Metadata-Version: 2.4
Name: promptsmithv2
Version: 1.0.0
Summary: Structured prompt builder and version manager for LLM engineers — typed variables, versioning, diffing, A/B testing, and audit trails
Author: prabhay759
License: MIT
Project-URL: Homepage, https://github.com/prabhay759/promptsmith
Project-URL: Repository, https://github.com/prabhay759/promptsmith
Project-URL: Issues, https://github.com/prabhay759/promptsmith/issues
Keywords: llm,prompt,prompt-engineering,versioning,openai,langchain
Classifier: Development Status :: 5 - Production/Stable
Classifier: Intended Audience :: Developers
Classifier: License :: OSI Approved :: MIT License
Classifier: Programming Language :: Python :: 3
Classifier: Programming Language :: Python :: 3.8
Classifier: Programming Language :: Python :: 3.9
Classifier: Programming Language :: Python :: 3.10
Classifier: Programming Language :: Python :: 3.11
Classifier: Programming Language :: Python :: 3.12
Classifier: Topic :: Software Development :: Libraries :: Python Modules
Requires-Python: >=3.8
Description-Content-Type: text/markdown
License-File: LICENSE
Provides-Extra: dev
Requires-Dist: pytest>=7; extra == "dev"
Dynamic: license-file

# promptsmith

> Structured prompt builder and version manager for LLM engineers. Typed variables, Git-friendly versioning, human-readable diffs, A/B testing, and full audit trails. Works with any LLM. Zero dependencies.

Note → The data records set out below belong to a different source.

Theorem mainTheorem6 (R : realType) (a : R ^nat) :
  GMS a -> cvg (series a @ \oo) ->
  (fun n : nat => n%:R * a n) @ \oo --> (0 : R).
Proof.
move=> [/cvgr0Pnorm_le a_to0 [C [lam [C_gt1 [lam_gt1 gms]]]]] sa.
have C_gt0 : 0 < C by apply: lt_trans C_gt1.
have lam_gt0 : 0 < lam by apply: lt_trans lam_gt1.
have [r /ltW lam_le] := exists_pow2_gt lam.
have [s /ltW s_large] := exists_pow2_gt (4 * C * lam * (2 * r.+1)%:R * (4 ^ r.+1)%:R).
apply/cvgr0Pnorm_le => e e_gt0.
pose Q := 1 + 3 * C * lam * (2 * r + 1)%:R * (2 ^ s)%:R.
have Q_gt0 : 0 < Q by rewrite ltr_pwDl // !mulr_ge0 // ltW.
have eps_gt0 : 0 < e / Q by rewrite divr_gt0.
have [N1 small] := series_block_sums_small sa _ eps_gt0.
have [N2 _ a_le1] := a_to0 1 ltr01.
have [M norm_small] := scaled_norm_eventually_le C_gt0 lam_gt0 lam_le gms s_large
  _ _ _ eps_gt0 small a_le1.
exists M => // n /= Mn; rewrite normrM normr_nat; apply: le_trans (norm_small n Mn) _.
rewrite [X in X <= _](_ : _ = e) // /Q; field.
by rewrite gt_eqF // ltr_pwDl // !mulr_ge0 // ltW.
Qed.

[![PyPI version](https://img.shields.io/pypi/v/promptsmith.svg)](https://pypi.org/project/promptsmith/)
[![Python](https://img.shields.io/pypi/pyversions/promptsmith.svg)](https://pypi.org/project/promptsmith/)
[![License: MIT](https://img.shields.io/badge/License-MIT-yellow.svg)](LICENSE)

---

## The Problem

Every LLM engineer ends up with prompts scattered across f-strings, Notion docs, and constants files. No versioning. No way to diff what changed. No audit trail of which prompt produced which output.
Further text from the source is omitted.